20. We will mention one more stone, and that is despair. Some men are not only spiritually dead, but they are buried fathoms deep in despair. They have signed their own death warrants, though the Lord has not yet written them off. You people of God, look out for those who think themselves beyond all hope, and when you find them argue the point with them; tell them that you were once in the same plight as they are; and show them what grace did for you. Point them to the promises of God, which are so suited to their condition; above all, tell them about the precious Saviour, who does not quench the smoking flax, and who is able to save to the uttermost those who come to God by him. You will have done good service if in any case you roll away the stone of despair. I exhort you, dear fellow labourers in Christ, yourselves saved, to do all that lies in you to take away every one of these hinderances from sinners’ souls, and then pray the Lord to speak the quickening word.

21. II. But, my time goes too swiftly, and therefore I must come to my second point with brevity. AFTER A MAN IS CONVERTED he labours under many disabilities, and Christian love should help him.

22. When lambs are born the shepherd takes care of them: Christ’s word is, “Feed my lambs.” When plants are put into the ground they must be watered. It is not enough that the child is born; it needs a mother’s care. “Take this child and nurse him for me, and I will give you your wages” is God’s word to his people whenever a new convert is born into the church. Lazarus is alive, but he is encumbered with grave clothes, and it is the business of those who are his friends to release him and let him go.

23. New converts need to be released for the sake of their own comfort. It was a very uncomfortable thing for Lazarus to be tied up in his winding sheets: for his own ease they must be taken off. When a man is saved, perhaps he does not grasp all that is involved in salvation. He thinks “I am a Christian, but I may fall from grace.” Unwrap that band at once, and let him know that the Lord does not cast away his people whom he foreknew. He thinks that he is pardoned, but that some sin may still remain upon him. Unwind that cerement; let him know that “the blood of Jesus Christ his Son cleanses us from all sin.” Perhaps he imagines, when he feels a strife within him, that he cannot be a child of God. Tear off that bandage, and tell him that all the children of God experience an inward strife, and feel a battle raging between life and death within their souls. You will find young converts apt to be the victims of doubts and fears, perplexing themselves about this, and fretting themselves about that; and you who are instructed in the faith must commit yourselves to release them, and let them go.
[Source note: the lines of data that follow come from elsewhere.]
(* Let $F$ and $G$ be objects in $\overline{\mathrm{Pro}}(\mathcal{C})$. Then every connected component of the poset of 1-morphisms from $F$ to $G$ (that is, every morphism from $F$ to $G$ in $\overline{\mathrm{Pro}}(\mathcal{C})$) is directed.
   Context: Let $\mathcal{C}$ be a category. Objects of $\overline{\mathrm{Pro}}(\mathcal{C})$ are diagrams $F:A\to\mathcal{C}$ with $A$ a cofinite directed poset of infinite height (poset as category with $u\to v$ iff $u\ge v$; cofinite: each $\{z\le x\}$ finite; infinite height: every element has a strictly larger one). A 1-morphism $F^A\to G^B$ is a pair $(\alpha,\phi)$ with $\alpha:B\to A$ strictly increasing and $\phi:F\circ\alpha\to G$ a natural transformation; 1-morphisms are partially ordered by $(\alpha',\phi')\geq(\alpha,\phi)$ iff $\alpha'(b)\ge\alpha(b)$ and $\phi'_b=\phi_b\circ F(\alpha'(b)\to\alpha(b))$ for all $b\in B$. Morphisms $F\to G$ in $\overline{\mathrm{Pro}}(\mathcal{C})$ are the connected components of this poset. *)

From Stdlib Require Import List Relations.
Set Implicit Arguments.
Unset Strict Implicit.

(* A (locally Type-valued) category.  [comp g f] is  g o f. *)
Record Category := {
  Obj :> Type;
  Hom : Obj -> Obj -> Type;
  idm : forall x, Hom x x;
  comp : forall x y z, Hom y z -> Hom x y -> Hom x z;
  comp_id_l : forall x y (f : Hom x y), comp (idm y) f = f;
  comp_id_r : forall x y (f : Hom x y), comp f (idm x) = f;
  comp_assoc : forall w x y z (h : Hom y z) (g : Hom x y) (f : Hom w x),
      comp h (comp g f) = comp (comp h g) f
}.
Arguments Hom {c} _ _.
Arguments idm {c} _.
Arguments comp {c x y z} _ _.

Record CDPoset := {
  carrier :> Type;
  le : carrier -> carrier -> Prop;
  le_refl : forall x, le x x;
  le_antisym : forall x y, le x y -> le y x -> x = y;
  le_trans : forall x y z, le x y -> le y z -> le x z;
  dir_inhabited : inhabited carrier;
  dir_ub : forall x y, exists z, le x z /\ le y z;
  cofinite : forall x, exists l : list carrier, forall z, le z x -> In z l;
  inf_height : forall x, exists y, le x y /\ x <> y
}.
Arguments le {c} _ _.

Definition lt {A : CDPoset} (x y : A) : Prop := le x y /\ x <> y.

(* Objects of \overline{Pro}(C): diagrams F : A -> C, where A is viewed as a
   category with an arrow u -> v iff u >= v, i.e. [le v u]. *)
Record ProObj (C : Category) := {
  idx : CDPoset;
  Fo : idx -> C;
  Fm : forall u v : idx, le v u -> Hom (Fo u) (Fo v);
  Fm_id : forall u (h : le u u), Fm h = idm (Fo u);
  Fm_comp : forall u v w (h1 : le v u) (h2 : le w v) (h3 : le w u),
      Fm h3 = comp (Fm h2) (Fm h1)
}.
Arguments idx {C} _.
Arguments Fo {C} _ _.
Arguments Fm {C} _ {u v} _.

Record OneMor (C : Category) (F G : ProObj C) := {
  alpha : idx G -> idx F;
  alpha_strict : forall b b' : idx G, lt b b' -> lt (alpha b) (alpha b');
  phi : forall b : idx G, Hom (Fo F (alpha b)) (Fo G b);
  phi_nat : forall (b b' : idx G) (h : le b' b) (h' : le (alpha b') (alpha b)),
      comp (Fm G h) (phi b) = comp (phi b') (Fm F h')
}.
Arguments alpha {C F G} _ _.
Arguments phi {C F G} _ _.

Definition mor_le {C : Category} {F G : ProObj C} (m m' : OneMor F G) : Prop :=
  forall b : idx G, exists h : le (alpha m b) (alpha m' b),
      phi m' b = comp (phi m b) (Fm F h).

Definition connected {C : Category} {F G : ProObj C} : OneMor F G -> OneMor F G -> Prop :=
  clos_refl_sym_trans (OneMor F G) mor_le.

(* A connected component (given by a representative m) is directed:
   it is nonempty (it contains m) and any two of its elements have an upper
   bound inside it. *)
Definition component_directed {C : Category} {F G : ProObj C} (m : OneMor F G) : Prop :=
  forall m1 m2, connected m m1 -> connected m m2 ->
    exists m3, connected m m3 /\ mor_le m1 m3 /\ mor_le m2 m3.

From Stdlib Require Import List Relations ClassicalEpsilon Lia.

(* A 1-morphism (alpha, phi) can be pushed up along any strictly increasing
   a >= alpha, by precomposing phi_b with F(a(b) -> alpha(b)).  So two
   1-morphisms u, v above a common m have a common upper bound as soon as
   some strictly increasing map dominates both alpha_u and alpha_v.
   Pointwise bounds exist because the index poset A of F is directed; to make
   them strictly increasing, climb along the index poset B of G: at stage
   n+1 bound the successors of the stage-n values at the finitely many
   b' <= b, and stop at the stage given by the number of elements below b.
   A zigzag in a connected component then collapses to one upper bound. *)

Lemma le_lt_trans {A : CDPoset} {x y z : A} : le x y -> lt y z -> lt x z.
Proof.
  intros Hxy [Hyz Hne]. split; [exact (le_trans Hxy Hyz)|].
  intros <-. apply Hne, le_antisym; assumption.
Qed.

Lemma lt_le_trans {A : CDPoset} {x y z : A} : lt x y -> le y z -> lt x z.
Proof.
  intros [Hxy Hne] Hyz. split; [exact (le_trans Hxy Hyz)|].
  intros <-. apply Hne, le_antisym; assumption.
Qed.

Section Bounds.
Variable A : CDPoset.

Definition ub (x y : A) : A :=
  proj1_sig (constructive_indefinite_description _ (dir_ub x y)).

Lemma le_ub_l (x y : A) : le x (ub x y).
Proof. exact (proj1 (proj2_sig (constructive_indefinite_description _ (dir_ub x y)))). Qed.

Lemma le_ub_r (x y : A) : le y (ub x y).
Proof. exact (proj2 (proj2_sig (constructive_indefinite_description _ (dir_ub x y)))). Qed.

Definition ub_list (x : A) (l : list A) : A := fold_right ub x l.

Lemma le_ub_list (x y : A) (l : list A) : In y l -> le y (ub_list x l).
Proof.
  induction l as [|z l IH]; simpl; [tauto|].
  intros [<-|Hy]; [apply le_ub_l|exact (le_trans (IH Hy) (le_ub_r _ _))].
Qed.

Definition next (x : A) : A :=
  proj1_sig (constructive_indefinite_description _ (inf_height x)).

Lemma lt_next (x : A) : lt x (next x).
Proof. exact (proj2_sig (constructive_indefinite_description _ (inf_height x))). Qed.

End Bounds.

Arguments ub {A} x y.
Arguments ub_list {A} x l.
Arguments next {A} x.
Arguments le_ub_l {A} x y.
Arguments le_ub_r {A} x y.
Arguments le_ub_list {A} x y l.
Arguments lt_next {A} x.

Section Rank.
Variable B : CDPoset.

Definition decide_le (z b : B) : bool :=
  if excluded_middle_informative (le z b) then true else false.

Definition lower_set (b : B) : list B :=
  nodup (fun x y => excluded_middle_informative (x = y))
    (filter (fun z => decide_le z b)
       (proj1_sig (constructive_indefinite_description _ (cofinite b)))).

Lemma In_lower_set (b z : B) : In z (lower_set b) <-> le z b.
Proof.
  unfold lower_set. rewrite nodup_In, filter_In. unfold decide_le.
  destruct (constructive_indefinite_description _ (cofinite b)) as [l Hl]; simpl.
  destruct (excluded_middle_informative (le z b)) as [Hz|Hz]; split.
  - tauto.
  - intros Hle. split; [exact (Hl z Hle)|reflexivity].
  - intros [_ Hf]. discriminate Hf.
  - intros Hle. contradiction.
Qed.

Definition rank (b : B) : nat := length (lower_set b).

Lemma rank_lt (b' b : B) : lt b' b -> rank b' < rank b.
Proof.
  intros [Hle Hne]. unfold rank.
  change (length (b :: lower_set b') <= length (lower_set b)).
  apply NoDup_incl_length.
  - constructor; [|apply NoDup_nodup].
    rewrite In_lower_set. intros Hb. exact (Hne (le_antisym Hle Hb)).
  - intros z [<-|Hz]; apply In_lower_set; [apply le_refl|].
    exact (le_trans (proj1 (In_lower_set _ _) Hz) Hle).
Qed.

End Rank.

Arguments lower_set {B} b.
Arguments rank {B} b.
Arguments rank_lt {B b' b}.

Section StrictlyIncreasingBound.
Variables (A B : CDPoset) (h : B -> A).

Fixpoint climb (n : nat) (b : B) : A :=
  match n with
  | 0 => h b
  | S n => ub_list (next (climb n b)) (map (fun b' => next (climb n b')) (lower_set b))
  end.

Lemma climb_lt_succ (n : nat) {b' b : B} : le b' b -> lt (climb n b') (climb (S n) b).
Proof.
  intros Hb. apply (lt_le_trans (lt_next _)). simpl.
  apply le_ub_list, (in_map (fun b' => next (climb n b'))), In_lower_set, Hb.
Qed.

Lemma climb_mono (n m : nat) (b : B) : n <= m -> le (climb n b) (climb m b).
Proof.
  induction 1; [apply le_refl|].
  exact (le_trans IHle (proj1 (climb_lt_succ m (le_refl b)))).
Qed.

Definition strict_bound (b : B) : A := climb (rank b) b.

Lemma le_strict_bound (b : B) : le (h b) (strict_bound b).
Proof. exact (climb_mono 0 (rank b) b ltac:(lia)). Qed.

Lemma strict_bound_lt (b' b : B) : lt b' b -> lt (strict_bound b') (strict_bound b).
Proof.
  intros Hb. unfold strict_bound. pose proof (rank_lt Hb) as Hr.
  destruct (rank b) as [|k]; [lia|].
  apply (le_lt_trans (climb_mono (rank b') k b' ltac:(lia))).
  exact (climb_lt_succ k (proj1 Hb)).
Qed.

End StrictlyIncreasingBound.

Arguments strict_bound {A B} h b.
Arguments le_strict_bound {A B} h b.
Arguments strict_bound_lt {A B} h [b' b].

Section OneMorphisms.
Context {C : Category} {F G : ProObj C}.

Lemma Fm_compose {u v w : idx F} (h1 : le v u) (h2 : le w v) (h3 : le w u) :
  comp (Fm F h2) (Fm F h1) = Fm F h3.
Proof. symmetry. apply Fm_comp. Qed.

Lemma alpha_mono (m : OneMor F G) {b' b : idx G} :
  le b' b -> le (alpha m b') (alpha m b).
Proof.
  intros Hb. destruct (excluded_middle_informative (b' = b)) as [<-|Hne].
  - apply le_refl.
  - exact (proj1 (alpha_strict m (conj Hb Hne))).
Qed.

Lemma mor_le_refl (m : OneMor F G) : mor_le m m.
Proof. intros b. exists (le_refl _). rewrite Fm_id, comp_id_r. reflexivity. Qed.

Lemma mor_le_trans {x y z : OneMor F G} : mor_le x y -> mor_le y z -> mor_le x z.
Proof.
  intros Hxy Hyz b. destruct (Hxy b) as [h1 E1], (Hyz b) as [h2 E2].
  exists (le_trans h1 h2).
  rewrite E2, E1, <- comp_assoc, (Fm_compose h2 h1 (le_trans h1 h2)). reflexivity.
Qed.

Section Raise.
Variables (m : OneMor F G) (a : idx G -> idx F).
Hypothesis a_strict : forall b b', lt b b' -> lt (a b) (a b').
Hypothesis le_alpha_a : forall b, le (alpha m b) (a b).

Lemma raise_nat (b b' : idx G) (h : le b' b) (h' : le (a b') (a b)) :
  comp (Fm G h) (comp (phi m b) (Fm F (le_alpha_a b))) =
  comp (comp (phi m b') (Fm F (le_alpha_a b'))) (Fm F h').
Proof.
  pose proof (alpha_mono m h) as k.
  rewrite comp_assoc, (phi_nat (o:=m) h k), <- !comp_assoc.
  f_equal. rewrite !(Fm_compose _ _ (le_trans k (le_alpha_a b))). reflexivity.
Qed.

Definition raise : OneMor F G :=
  {| alpha := a;
     alpha_strict := a_strict;
     phi := fun b => comp (phi m b) (Fm F (le_alpha_a b));
     phi_nat := raise_nat |}.

Lemma mor_le_raise (u : OneMor F G) :
  mor_le m u -> (forall b, le (alpha u b) (a b)) -> mor_le u raise.
Proof.
  intros Hmu Hua b. destruct (Hmu b) as [k E]. exists (Hua b). simpl.
  rewrite E, <- comp_assoc, (Fm_compose _ _ (le_alpha_a b)). reflexivity.
Qed.

End Raise.

Arguments raise {m a} a_strict le_alpha_a.
Arguments mor_le_raise {m a} a_strict le_alpha_a {u}.

Lemma mor_le_common_ub {m u v : OneMor F G} :
  mor_le m u -> mor_le m v -> exists w, mor_le u w /\ mor_le v w.
Proof.
  intros Hmu Hmv.
  pose (ub_uv b := ub (alpha u b) (alpha v b)).
  pose (bound := strict_bound ub_uv).
  assert (Hu : forall b, le (alpha u b) (bound b))
    by (intros b; exact (le_trans (le_ub_l _ _) (le_strict_bound ub_uv b))).
  assert (Hv : forall b, le (alpha v b) (bound b))
    by (intros b; exact (le_trans (le_ub_r _ _) (le_strict_bound ub_uv b))).
  assert (Hm : forall b, le (alpha m b) (bound b))
    by (intros b; destruct (Hmu b) as [k _]; exact (le_trans k (Hu b))).
  exists (raise (strict_bound_lt ub_uv) Hm).
  split; [exact (mor_le_raise _ _ Hmu Hu)|exact (mor_le_raise _ _ Hmv Hv)].
Qed.

Lemma connected_common_ub {x y : OneMor F G} :
  connected x y -> exists z, mor_le x z /\ mor_le y z.
Proof.
  induction 1 as [x y Hxy|x|x y _ [z [Hx Hy]]|x y z _ [p [Hxp Hyp]] _ [q [Hyq Hzq]]].
  - exists y. split; [exact Hxy|apply mor_le_refl].
  - exists x. split; apply mor_le_refl.
  - exists z. split; assumption.
  - destruct (mor_le_common_ub Hyp Hyq) as [w [Hpw Hqw]].
    exists w. split; [exact (mor_le_trans Hxp Hpw)|exact (mor_le_trans Hzq Hqw)].
Qed.

End OneMorphisms.

Theorem corollary3p7 (C : Category) (F G : ProObj C) (m : OneMor F G) :
  component_directed m.
Proof.
  intros m1 m2 H1 H2.
  destruct (connected_common_ub (rst_trans _ _ _ _ _ (rst_sym _ _ _ _ H1) H2))
    as [z [Hz1 Hz2]].
  exists z. split; [|split; assumption].
  exact (rst_trans _ _ _ _ _ H1 (rst_step _ _ _ _ Hz1)).
Qed.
24. They need, also, to be released for their own freedom. Lazarus might as well be in the cave as be in bonds. Men may be converted, and yet be far from enjoying the full liberty of the children of God. Perhaps the saved one is fettered by bad habits, and he does not know that they are bad; tell him gently, but let him know that these things are not consistent with Christian life. I know at this time some real Christians who are going around with vestiges of their grave clothes upon them, and they appear very unseemly. Those grave clothes stick to all of us more or less; and I suppose, until we enter heaven, the releasing operation will need to be continued; but let us help our brethren in this by example and by precept; let us take away from them what hinders them from the liberty of holiness.

25. Moreover, Lazarus needed to be released for the sake of fellowship. He could not talk with Mary and Martha yet, for he had a napkin wrapped around his head: he could scarcely move or speak. So many of our dear converts do not like to join the church yet. They say they are not perfect. Poor souls, if they were we would not want them in our churches; being all imperfect ourselves, they would be out of place if they joined with us. They plead that they are not fit to come, imagining that something of fitness is needed beyond believing in Christ; as if what Jesus laid down as the gospel of salvation was not also a sufficient basis for fellowship with saints on earth. Still, the timid hold back and do not like to share with others what the Lord has done for them. Encourage them, compel them to come in; do not let them wander in solitude, but introduce them to the fellowship of the saints.

26. We have known cases in which the liberty was needed to enable them to bear testimony. Lazarus could not even say, “I live and blessed be the name of God,” for the napkin was wrapped around his head. He must be released so that he may tell what God had done. Oh, what comforting testimonies the church might have if saints were only encouraged to deliver them, but there are some who carry wet blankets around with them, and the moment a young Christian talks about Christ, because he does not speak exactly according to orthodoxy, they try to silence him. Let it never be so among us. Let us encourage the babes to cry so that eventually they may learn to speak. Let us encourage them to prattle, for perhaps before long they shall correctly speak the language of the kingdom.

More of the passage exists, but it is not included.